The task: A single number is the expected answer: the count of lines in the listing that hold the word "Variables".
---- Data
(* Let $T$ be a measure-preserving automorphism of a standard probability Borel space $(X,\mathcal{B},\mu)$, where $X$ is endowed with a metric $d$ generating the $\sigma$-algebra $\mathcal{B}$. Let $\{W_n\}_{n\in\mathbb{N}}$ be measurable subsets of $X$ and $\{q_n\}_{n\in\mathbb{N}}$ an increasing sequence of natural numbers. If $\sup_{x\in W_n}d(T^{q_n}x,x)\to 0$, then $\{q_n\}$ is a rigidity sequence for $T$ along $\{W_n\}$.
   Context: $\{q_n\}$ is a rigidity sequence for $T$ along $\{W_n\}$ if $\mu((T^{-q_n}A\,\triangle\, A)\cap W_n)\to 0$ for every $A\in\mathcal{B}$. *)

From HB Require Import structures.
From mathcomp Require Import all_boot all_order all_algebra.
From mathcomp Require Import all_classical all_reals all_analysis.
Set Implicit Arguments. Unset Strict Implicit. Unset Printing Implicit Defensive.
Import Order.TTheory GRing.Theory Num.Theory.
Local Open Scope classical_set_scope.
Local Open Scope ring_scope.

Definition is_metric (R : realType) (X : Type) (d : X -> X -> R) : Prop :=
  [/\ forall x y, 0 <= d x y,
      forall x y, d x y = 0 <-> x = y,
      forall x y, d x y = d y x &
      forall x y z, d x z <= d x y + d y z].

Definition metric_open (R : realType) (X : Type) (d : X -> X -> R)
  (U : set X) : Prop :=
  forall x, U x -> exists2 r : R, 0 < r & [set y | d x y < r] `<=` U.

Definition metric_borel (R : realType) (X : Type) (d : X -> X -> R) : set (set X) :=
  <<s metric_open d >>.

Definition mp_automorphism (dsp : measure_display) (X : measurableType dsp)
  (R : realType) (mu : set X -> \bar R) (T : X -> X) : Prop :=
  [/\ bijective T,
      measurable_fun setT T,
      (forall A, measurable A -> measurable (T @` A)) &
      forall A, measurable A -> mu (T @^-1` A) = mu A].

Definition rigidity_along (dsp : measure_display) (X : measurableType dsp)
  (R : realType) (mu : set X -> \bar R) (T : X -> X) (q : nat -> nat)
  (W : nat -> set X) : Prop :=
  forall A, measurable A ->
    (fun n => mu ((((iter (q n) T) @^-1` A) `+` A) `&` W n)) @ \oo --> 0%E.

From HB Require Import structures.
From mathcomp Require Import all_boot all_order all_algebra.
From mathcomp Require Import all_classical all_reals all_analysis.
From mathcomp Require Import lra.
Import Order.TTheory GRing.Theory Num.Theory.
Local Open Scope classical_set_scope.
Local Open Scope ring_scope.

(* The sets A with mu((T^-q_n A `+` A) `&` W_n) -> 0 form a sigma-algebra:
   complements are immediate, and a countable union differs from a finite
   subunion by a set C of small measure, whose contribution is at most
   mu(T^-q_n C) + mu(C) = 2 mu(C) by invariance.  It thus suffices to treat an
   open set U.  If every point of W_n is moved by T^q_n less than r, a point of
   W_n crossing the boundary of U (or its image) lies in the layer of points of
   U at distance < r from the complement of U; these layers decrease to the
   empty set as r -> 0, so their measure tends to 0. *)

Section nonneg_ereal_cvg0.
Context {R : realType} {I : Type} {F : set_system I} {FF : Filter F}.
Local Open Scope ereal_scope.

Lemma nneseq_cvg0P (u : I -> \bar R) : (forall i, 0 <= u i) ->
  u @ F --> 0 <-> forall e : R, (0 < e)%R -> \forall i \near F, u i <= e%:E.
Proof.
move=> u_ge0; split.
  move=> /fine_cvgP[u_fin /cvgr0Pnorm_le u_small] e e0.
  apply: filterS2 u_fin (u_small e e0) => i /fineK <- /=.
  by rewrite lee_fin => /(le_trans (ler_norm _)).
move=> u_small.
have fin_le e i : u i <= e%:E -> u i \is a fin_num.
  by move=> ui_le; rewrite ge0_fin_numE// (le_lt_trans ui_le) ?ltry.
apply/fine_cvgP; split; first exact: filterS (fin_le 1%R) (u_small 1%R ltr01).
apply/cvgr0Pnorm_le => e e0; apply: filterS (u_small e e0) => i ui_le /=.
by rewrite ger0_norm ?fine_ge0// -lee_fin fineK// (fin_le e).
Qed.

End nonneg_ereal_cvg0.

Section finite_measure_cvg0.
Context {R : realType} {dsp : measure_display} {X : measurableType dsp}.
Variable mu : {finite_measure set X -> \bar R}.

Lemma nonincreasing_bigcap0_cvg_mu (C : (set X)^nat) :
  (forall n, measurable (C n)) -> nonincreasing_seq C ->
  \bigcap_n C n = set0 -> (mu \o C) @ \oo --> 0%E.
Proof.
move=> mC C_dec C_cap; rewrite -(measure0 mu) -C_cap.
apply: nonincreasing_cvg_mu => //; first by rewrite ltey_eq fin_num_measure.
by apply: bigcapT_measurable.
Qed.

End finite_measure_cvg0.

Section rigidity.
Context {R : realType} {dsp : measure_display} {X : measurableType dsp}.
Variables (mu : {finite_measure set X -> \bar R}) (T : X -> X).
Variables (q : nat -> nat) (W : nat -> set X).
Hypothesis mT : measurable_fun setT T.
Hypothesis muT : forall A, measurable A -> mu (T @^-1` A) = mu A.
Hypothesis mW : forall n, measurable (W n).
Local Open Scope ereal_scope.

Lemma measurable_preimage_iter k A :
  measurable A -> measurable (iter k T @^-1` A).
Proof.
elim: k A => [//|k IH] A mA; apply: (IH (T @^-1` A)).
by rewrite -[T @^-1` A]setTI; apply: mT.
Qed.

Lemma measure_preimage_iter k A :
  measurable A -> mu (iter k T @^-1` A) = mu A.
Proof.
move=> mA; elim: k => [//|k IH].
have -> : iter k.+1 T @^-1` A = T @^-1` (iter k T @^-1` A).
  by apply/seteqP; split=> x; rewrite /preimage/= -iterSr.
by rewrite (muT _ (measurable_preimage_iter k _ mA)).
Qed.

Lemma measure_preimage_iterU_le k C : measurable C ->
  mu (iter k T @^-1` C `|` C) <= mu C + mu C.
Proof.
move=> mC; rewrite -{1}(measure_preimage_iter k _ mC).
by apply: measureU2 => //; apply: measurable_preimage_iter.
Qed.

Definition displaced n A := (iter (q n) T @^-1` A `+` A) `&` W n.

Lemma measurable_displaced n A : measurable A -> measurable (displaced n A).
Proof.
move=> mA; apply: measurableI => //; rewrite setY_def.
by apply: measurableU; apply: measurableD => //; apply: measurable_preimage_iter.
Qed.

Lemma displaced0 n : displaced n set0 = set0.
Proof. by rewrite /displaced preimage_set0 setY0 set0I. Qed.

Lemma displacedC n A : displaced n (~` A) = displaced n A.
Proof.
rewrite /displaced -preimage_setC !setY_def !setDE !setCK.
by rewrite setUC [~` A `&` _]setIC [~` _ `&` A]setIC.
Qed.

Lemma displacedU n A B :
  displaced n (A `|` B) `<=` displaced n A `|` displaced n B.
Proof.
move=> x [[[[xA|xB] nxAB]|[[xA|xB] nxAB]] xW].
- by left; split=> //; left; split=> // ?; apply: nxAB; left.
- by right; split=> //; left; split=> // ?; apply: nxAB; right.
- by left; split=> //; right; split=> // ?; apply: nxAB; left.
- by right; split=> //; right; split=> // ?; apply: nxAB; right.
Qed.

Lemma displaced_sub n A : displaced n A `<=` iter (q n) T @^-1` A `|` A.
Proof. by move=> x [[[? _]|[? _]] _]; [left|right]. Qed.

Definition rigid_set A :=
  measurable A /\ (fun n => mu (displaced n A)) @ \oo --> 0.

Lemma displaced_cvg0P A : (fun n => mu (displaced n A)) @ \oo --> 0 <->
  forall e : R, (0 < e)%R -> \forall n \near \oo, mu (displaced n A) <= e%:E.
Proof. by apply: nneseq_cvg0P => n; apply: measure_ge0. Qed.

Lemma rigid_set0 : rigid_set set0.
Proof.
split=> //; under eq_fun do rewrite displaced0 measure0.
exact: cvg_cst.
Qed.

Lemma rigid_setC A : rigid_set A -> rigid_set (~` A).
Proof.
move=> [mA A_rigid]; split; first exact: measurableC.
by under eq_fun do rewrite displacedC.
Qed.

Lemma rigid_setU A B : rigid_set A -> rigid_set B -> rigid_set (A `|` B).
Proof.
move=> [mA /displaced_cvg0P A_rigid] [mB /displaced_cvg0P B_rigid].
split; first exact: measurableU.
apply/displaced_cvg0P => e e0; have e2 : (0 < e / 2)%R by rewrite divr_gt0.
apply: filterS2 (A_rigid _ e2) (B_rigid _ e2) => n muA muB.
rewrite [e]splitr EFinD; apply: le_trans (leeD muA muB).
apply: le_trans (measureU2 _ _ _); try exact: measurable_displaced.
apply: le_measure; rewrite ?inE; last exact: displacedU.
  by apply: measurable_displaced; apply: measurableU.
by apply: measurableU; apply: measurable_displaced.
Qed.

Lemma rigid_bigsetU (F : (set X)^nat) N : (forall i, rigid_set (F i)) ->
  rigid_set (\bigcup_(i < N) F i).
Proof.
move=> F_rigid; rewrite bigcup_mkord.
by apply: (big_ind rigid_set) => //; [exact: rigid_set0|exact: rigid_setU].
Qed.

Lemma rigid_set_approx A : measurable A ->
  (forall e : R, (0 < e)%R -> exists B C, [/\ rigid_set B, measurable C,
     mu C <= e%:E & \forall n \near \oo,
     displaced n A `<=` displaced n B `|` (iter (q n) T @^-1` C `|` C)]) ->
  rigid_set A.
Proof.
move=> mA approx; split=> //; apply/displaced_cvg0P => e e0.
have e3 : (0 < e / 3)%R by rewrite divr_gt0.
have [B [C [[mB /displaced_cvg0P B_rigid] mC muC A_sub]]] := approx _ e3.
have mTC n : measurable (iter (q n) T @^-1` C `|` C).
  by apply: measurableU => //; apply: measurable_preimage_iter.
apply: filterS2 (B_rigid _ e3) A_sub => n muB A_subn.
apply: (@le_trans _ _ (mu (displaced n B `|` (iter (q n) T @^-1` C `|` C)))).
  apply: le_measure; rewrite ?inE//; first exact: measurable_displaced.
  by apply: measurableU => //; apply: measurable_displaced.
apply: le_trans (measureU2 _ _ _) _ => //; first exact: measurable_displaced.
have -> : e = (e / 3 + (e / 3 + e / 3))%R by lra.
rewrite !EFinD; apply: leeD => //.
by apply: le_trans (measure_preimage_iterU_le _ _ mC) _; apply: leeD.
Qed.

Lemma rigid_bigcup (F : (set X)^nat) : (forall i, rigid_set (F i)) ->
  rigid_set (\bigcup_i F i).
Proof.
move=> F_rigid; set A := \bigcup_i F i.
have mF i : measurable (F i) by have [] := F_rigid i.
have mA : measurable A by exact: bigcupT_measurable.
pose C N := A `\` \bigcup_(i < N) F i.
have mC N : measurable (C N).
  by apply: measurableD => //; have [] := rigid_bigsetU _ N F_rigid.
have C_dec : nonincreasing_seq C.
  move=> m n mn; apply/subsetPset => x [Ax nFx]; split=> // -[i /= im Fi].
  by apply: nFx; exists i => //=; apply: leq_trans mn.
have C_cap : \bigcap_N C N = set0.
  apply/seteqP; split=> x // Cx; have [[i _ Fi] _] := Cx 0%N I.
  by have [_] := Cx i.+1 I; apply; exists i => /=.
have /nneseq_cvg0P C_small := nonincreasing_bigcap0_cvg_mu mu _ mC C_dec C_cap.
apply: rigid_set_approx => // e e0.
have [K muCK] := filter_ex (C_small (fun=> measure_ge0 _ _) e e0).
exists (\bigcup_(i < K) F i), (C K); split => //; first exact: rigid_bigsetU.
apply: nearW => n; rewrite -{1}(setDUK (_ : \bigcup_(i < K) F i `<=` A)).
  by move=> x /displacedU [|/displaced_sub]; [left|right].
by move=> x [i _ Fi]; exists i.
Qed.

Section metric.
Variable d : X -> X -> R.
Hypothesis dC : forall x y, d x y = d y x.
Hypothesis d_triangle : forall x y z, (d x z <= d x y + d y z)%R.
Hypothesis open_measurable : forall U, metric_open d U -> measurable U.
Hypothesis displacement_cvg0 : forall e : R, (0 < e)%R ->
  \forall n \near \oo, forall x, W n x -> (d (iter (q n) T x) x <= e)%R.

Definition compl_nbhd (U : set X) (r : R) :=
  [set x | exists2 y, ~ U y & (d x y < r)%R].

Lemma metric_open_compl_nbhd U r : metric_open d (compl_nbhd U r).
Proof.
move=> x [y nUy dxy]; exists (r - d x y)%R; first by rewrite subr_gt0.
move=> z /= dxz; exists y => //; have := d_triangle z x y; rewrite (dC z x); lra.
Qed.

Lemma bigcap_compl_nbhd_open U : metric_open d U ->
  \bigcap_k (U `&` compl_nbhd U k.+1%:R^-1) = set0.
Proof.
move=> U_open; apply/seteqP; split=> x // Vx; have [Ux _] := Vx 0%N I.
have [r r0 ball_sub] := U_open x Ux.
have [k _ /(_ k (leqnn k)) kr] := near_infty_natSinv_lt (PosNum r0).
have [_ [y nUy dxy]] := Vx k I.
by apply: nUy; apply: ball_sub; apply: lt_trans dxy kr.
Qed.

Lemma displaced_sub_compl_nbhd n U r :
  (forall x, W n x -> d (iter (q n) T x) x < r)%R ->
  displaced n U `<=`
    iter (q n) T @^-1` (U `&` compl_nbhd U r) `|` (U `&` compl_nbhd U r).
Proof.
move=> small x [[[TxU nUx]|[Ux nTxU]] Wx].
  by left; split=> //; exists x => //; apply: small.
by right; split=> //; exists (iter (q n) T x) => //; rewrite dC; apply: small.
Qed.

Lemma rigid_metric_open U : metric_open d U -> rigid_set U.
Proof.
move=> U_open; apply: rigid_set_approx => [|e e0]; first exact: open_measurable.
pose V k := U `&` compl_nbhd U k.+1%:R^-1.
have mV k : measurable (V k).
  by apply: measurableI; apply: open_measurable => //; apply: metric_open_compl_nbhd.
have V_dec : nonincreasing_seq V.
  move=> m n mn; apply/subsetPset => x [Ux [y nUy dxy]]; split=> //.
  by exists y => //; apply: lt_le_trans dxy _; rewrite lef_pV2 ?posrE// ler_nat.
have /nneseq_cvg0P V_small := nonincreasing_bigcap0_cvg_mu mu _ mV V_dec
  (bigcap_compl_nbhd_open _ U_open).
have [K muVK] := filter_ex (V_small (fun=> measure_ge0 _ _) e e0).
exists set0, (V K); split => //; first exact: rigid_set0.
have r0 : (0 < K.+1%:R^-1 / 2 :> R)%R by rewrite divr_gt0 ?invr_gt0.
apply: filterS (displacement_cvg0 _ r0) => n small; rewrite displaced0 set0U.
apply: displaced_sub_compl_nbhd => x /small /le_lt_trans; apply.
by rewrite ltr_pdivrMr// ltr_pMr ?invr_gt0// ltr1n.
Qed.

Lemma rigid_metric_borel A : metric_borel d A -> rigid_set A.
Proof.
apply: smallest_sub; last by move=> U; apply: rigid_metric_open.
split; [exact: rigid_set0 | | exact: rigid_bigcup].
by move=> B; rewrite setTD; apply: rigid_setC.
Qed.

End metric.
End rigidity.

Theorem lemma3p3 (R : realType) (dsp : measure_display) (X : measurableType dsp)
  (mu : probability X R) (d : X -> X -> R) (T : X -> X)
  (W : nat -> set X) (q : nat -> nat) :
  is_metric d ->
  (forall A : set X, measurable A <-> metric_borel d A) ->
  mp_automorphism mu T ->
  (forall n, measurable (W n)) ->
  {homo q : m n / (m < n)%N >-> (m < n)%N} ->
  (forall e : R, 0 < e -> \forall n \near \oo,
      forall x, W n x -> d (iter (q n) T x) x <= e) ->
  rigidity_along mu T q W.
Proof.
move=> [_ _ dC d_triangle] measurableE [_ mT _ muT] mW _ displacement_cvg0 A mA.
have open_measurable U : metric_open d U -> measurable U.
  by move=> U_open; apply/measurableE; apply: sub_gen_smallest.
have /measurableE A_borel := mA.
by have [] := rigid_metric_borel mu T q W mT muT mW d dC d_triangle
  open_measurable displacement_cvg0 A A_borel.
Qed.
--------
Response to the task: 2